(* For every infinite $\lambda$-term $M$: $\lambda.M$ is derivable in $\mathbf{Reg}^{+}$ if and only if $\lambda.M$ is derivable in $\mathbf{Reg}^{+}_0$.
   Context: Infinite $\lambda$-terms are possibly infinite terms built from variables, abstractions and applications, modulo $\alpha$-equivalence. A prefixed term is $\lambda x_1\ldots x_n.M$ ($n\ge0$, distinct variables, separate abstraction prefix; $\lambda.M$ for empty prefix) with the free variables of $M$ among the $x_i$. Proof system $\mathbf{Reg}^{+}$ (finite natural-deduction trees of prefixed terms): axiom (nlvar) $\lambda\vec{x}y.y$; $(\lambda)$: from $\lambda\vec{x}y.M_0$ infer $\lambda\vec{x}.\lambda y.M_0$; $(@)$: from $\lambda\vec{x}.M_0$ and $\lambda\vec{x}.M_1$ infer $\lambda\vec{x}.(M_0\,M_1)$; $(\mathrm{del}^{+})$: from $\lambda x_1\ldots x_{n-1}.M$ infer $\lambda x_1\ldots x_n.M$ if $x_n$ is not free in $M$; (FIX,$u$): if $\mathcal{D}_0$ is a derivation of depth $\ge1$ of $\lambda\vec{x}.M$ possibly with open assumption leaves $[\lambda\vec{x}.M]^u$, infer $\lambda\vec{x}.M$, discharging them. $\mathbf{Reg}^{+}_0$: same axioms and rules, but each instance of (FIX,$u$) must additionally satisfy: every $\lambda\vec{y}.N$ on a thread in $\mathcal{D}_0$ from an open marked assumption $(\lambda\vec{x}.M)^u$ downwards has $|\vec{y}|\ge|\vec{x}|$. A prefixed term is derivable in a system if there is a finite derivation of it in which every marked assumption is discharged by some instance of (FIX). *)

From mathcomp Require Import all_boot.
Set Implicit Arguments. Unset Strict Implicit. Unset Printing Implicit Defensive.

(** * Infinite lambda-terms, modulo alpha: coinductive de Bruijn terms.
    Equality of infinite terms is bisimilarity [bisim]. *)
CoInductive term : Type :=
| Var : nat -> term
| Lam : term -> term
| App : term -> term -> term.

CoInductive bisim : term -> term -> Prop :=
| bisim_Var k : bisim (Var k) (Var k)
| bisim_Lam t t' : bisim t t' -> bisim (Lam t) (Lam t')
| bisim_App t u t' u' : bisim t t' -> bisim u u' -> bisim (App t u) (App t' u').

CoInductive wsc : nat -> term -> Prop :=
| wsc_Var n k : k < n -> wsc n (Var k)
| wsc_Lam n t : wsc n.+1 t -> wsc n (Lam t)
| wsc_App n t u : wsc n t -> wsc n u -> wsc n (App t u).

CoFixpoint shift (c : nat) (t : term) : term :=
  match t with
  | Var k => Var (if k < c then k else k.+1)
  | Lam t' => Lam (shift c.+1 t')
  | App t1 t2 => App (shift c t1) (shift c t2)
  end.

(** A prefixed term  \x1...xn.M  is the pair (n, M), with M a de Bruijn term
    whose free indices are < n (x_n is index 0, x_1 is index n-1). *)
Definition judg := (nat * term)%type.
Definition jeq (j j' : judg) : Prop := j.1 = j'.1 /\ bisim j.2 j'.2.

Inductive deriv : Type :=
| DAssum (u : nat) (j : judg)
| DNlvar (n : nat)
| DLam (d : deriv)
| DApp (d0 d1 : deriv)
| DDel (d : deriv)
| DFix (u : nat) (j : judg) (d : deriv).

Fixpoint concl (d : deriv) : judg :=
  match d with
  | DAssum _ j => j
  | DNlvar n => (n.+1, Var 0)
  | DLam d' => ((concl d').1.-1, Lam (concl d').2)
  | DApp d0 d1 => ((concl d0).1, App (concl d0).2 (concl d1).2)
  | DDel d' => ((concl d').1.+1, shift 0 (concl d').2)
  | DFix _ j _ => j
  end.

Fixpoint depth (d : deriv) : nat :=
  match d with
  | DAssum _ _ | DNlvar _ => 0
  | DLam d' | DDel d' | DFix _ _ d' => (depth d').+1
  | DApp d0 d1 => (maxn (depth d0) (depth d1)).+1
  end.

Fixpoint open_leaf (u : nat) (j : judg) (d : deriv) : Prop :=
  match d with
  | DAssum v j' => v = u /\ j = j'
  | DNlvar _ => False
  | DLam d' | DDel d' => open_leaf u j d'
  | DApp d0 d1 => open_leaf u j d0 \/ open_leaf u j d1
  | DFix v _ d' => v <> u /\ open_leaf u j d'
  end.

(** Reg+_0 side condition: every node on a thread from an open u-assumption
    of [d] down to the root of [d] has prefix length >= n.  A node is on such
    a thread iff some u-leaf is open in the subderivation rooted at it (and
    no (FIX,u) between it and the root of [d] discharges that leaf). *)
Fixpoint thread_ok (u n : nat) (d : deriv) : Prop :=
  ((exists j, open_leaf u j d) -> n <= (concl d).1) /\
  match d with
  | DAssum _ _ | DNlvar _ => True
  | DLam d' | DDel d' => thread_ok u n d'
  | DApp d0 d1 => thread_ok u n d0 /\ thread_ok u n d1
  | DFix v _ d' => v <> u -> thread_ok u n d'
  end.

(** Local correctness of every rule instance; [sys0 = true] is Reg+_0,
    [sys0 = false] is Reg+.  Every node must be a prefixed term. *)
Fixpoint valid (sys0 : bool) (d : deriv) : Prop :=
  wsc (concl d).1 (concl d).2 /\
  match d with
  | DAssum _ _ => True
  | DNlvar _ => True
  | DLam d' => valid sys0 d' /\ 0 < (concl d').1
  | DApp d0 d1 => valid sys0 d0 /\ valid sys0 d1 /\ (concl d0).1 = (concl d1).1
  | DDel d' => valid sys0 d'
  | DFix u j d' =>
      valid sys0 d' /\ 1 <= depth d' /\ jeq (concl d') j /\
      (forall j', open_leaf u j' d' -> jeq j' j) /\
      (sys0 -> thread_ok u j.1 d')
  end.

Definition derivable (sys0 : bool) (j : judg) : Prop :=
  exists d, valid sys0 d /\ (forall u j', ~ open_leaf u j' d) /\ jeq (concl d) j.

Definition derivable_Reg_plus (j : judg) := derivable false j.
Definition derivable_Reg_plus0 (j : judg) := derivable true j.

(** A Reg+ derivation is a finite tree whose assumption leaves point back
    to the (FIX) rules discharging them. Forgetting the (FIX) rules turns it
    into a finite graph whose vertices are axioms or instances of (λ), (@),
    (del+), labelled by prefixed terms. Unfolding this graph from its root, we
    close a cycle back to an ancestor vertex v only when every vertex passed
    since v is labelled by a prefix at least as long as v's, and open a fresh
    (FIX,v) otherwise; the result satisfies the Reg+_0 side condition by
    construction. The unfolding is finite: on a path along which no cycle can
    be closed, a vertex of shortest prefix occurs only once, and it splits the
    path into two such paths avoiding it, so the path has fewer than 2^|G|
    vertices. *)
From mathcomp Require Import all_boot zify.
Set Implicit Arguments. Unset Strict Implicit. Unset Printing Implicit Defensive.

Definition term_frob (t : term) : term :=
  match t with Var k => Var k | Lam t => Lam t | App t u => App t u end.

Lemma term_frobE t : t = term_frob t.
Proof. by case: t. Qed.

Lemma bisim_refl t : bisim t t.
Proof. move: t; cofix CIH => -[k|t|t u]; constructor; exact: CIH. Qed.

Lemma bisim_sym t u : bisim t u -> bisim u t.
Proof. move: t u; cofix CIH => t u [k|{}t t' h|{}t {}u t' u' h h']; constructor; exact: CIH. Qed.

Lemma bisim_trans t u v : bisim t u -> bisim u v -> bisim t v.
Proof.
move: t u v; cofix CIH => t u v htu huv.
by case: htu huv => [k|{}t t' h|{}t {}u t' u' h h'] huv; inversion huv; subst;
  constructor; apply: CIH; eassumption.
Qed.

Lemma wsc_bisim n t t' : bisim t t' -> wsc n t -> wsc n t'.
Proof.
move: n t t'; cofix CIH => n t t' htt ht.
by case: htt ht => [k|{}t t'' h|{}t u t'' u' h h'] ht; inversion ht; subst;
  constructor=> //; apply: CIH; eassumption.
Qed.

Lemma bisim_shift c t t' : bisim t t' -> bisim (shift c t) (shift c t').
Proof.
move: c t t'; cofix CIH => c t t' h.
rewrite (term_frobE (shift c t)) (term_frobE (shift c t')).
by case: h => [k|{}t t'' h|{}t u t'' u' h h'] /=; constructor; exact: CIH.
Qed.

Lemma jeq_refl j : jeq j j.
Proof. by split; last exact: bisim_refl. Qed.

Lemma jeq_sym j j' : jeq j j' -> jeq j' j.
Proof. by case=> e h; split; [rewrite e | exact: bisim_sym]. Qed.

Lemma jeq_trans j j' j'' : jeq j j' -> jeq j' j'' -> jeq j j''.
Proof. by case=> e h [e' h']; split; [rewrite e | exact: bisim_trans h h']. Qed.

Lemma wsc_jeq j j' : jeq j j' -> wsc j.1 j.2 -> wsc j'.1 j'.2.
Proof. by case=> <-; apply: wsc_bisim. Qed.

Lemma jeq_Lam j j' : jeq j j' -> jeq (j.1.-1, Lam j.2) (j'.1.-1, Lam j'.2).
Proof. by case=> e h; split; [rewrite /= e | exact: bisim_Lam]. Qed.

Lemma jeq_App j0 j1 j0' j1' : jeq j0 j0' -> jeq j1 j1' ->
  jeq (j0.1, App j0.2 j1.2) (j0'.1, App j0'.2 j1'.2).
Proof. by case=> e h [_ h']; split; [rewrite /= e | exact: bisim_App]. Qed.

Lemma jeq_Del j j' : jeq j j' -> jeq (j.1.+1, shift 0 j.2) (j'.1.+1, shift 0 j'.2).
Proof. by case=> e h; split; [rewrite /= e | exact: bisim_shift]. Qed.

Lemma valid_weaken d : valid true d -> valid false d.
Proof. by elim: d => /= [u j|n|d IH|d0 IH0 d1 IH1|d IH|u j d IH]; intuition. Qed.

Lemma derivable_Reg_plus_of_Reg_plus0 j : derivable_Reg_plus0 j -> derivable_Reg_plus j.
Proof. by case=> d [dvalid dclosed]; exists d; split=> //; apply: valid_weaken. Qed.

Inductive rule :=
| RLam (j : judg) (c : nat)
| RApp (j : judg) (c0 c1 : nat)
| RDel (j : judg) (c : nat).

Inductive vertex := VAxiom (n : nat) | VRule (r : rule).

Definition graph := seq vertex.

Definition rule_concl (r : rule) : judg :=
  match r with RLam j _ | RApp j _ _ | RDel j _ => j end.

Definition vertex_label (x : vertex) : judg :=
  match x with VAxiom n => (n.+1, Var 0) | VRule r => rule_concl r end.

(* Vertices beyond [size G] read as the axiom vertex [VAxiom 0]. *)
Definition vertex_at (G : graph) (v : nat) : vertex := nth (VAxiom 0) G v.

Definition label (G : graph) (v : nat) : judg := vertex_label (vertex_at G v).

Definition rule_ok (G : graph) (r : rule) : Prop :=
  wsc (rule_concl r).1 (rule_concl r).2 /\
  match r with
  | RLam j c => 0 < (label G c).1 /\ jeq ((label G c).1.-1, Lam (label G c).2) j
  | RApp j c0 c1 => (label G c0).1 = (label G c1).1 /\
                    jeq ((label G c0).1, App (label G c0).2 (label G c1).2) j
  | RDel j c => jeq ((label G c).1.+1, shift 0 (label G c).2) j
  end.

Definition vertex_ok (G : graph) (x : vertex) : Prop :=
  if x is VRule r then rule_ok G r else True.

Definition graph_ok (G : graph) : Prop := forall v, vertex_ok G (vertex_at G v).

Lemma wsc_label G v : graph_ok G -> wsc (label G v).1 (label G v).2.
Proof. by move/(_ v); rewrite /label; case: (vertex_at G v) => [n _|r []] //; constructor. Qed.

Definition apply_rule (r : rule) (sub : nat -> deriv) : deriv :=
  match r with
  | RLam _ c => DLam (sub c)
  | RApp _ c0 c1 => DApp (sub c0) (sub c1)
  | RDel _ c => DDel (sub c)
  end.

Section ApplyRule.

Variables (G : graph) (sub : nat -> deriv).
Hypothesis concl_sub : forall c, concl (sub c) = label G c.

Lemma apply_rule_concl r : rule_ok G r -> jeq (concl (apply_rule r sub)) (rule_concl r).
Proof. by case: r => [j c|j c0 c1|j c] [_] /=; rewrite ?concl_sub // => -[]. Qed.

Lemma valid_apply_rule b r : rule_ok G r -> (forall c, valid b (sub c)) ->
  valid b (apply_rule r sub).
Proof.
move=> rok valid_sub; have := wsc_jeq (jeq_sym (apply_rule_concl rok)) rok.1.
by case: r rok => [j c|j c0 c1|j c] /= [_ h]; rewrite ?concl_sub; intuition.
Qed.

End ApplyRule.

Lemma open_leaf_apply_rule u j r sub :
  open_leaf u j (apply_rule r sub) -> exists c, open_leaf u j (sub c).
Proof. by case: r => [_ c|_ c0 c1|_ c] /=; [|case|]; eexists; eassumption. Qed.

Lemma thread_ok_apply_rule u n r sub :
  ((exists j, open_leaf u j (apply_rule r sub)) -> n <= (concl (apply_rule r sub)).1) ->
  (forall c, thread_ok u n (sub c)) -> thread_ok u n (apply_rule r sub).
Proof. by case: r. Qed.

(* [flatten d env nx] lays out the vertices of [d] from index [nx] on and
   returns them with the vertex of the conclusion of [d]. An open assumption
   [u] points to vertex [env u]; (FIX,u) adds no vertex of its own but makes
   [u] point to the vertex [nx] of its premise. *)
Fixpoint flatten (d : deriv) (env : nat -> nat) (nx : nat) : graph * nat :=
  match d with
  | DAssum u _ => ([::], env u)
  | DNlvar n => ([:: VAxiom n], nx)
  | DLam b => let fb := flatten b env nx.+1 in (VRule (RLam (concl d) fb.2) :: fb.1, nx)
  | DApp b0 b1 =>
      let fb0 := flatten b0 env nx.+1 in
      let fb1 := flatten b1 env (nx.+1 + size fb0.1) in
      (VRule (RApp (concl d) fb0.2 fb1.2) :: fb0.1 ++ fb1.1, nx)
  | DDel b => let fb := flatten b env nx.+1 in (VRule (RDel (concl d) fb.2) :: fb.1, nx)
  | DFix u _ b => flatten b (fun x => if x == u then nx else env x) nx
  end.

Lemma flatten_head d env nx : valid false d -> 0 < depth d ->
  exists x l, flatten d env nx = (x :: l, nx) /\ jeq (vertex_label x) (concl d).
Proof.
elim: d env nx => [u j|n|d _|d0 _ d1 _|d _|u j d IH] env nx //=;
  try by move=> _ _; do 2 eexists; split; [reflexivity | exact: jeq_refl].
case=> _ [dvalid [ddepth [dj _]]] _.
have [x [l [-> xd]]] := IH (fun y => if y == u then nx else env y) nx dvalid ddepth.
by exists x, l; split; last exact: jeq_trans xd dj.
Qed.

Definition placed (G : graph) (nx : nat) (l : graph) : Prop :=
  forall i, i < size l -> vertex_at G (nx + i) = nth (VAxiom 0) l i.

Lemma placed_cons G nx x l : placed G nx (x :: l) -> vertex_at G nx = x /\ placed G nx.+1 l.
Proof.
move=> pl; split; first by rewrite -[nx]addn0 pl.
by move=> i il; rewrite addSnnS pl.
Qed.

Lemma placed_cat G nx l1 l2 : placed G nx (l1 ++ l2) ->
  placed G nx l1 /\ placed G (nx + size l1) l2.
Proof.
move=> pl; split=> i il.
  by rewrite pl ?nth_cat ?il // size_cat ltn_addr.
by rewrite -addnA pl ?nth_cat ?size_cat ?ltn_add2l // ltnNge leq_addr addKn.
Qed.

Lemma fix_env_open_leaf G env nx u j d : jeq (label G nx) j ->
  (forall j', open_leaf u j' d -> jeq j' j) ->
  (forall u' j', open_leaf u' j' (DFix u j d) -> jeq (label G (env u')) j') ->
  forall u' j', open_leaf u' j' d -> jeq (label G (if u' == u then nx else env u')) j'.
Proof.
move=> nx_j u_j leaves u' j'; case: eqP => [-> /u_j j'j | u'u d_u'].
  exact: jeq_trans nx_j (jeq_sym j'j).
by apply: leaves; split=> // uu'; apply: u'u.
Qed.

# Your assignment
Retype the portion of the data above that starts on the line with "Lemma jeq_sym j j' : jeq j j' -> jeq j' j." and finishes on the line with "(* Vertices beyond", including both of those lines.

# Solved problem
Lemma jeq_sym j j' : jeq j j' -> jeq j' j.
Proof. by case=> e h; split; [rewrite e | exact: bisim_sym]. Qed.

Lemma jeq_trans j j' j'' : jeq j j' -> jeq j' j'' -> jeq j j''.
Proof. by case=> e h [e' h']; split; [rewrite e | exact: bisim_trans h h']. Qed.

Lemma wsc_jeq j j' : jeq j j' -> wsc j.1 j.2 -> wsc j'.1 j'.2.
Proof. by case=> <-; apply: wsc_bisim. Qed.

Lemma jeq_Lam j j' : jeq j j' -> jeq (j.1.-1, Lam j.2) (j'.1.-1, Lam j'.2).
Proof. by case=> e h; split; [rewrite /= e | exact: bisim_Lam]. Qed.

Lemma jeq_App j0 j1 j0' j1' : jeq j0 j0' -> jeq j1 j1' ->
  jeq (j0.1, App j0.2 j1.2) (j0'.1, App j0'.2 j1'.2).
Proof. by case=> e h [_ h']; split; [rewrite /= e | exact: bisim_App]. Qed.

Lemma jeq_Del j j' : jeq j j' -> jeq (j.1.+1, shift 0 j.2) (j'.1.+1, shift 0 j'.2).
Proof. by case=> e h; split; [rewrite /= e | exact: bisim_shift]. Qed.

Lemma valid_weaken d : valid true d -> valid false d.
Proof. by elim: d => /= [u j|n|d IH|d0 IH0 d1 IH1|d IH|u j d IH]; intuition. Qed.

Lemma derivable_Reg_plus_of_Reg_plus0 j : derivable_Reg_plus0 j -> derivable_Reg_plus j.
Proof. by case=> d [dvalid dclosed]; exists d; split=> //; apply: valid_weaken. Qed.

Inductive rule :=
| RLam (j : judg) (c : nat)
| RApp (j : judg) (c0 c1 : nat)
| RDel (j : judg) (c : nat).

Inductive vertex := VAxiom (n : nat) | VRule (r : rule).

Definition graph := seq vertex.

Definition rule_concl (r : rule) : judg :=
  match r with RLam j _ | RApp j _ _ | RDel j _ => j end.

Definition vertex_label (x : vertex) : judg :=
  match x with VAxiom n => (n.+1, Var 0) | VRule r => rule_concl r end.

(* Vertices beyond [size G] read as the axiom vertex [VAxiom 0]. *)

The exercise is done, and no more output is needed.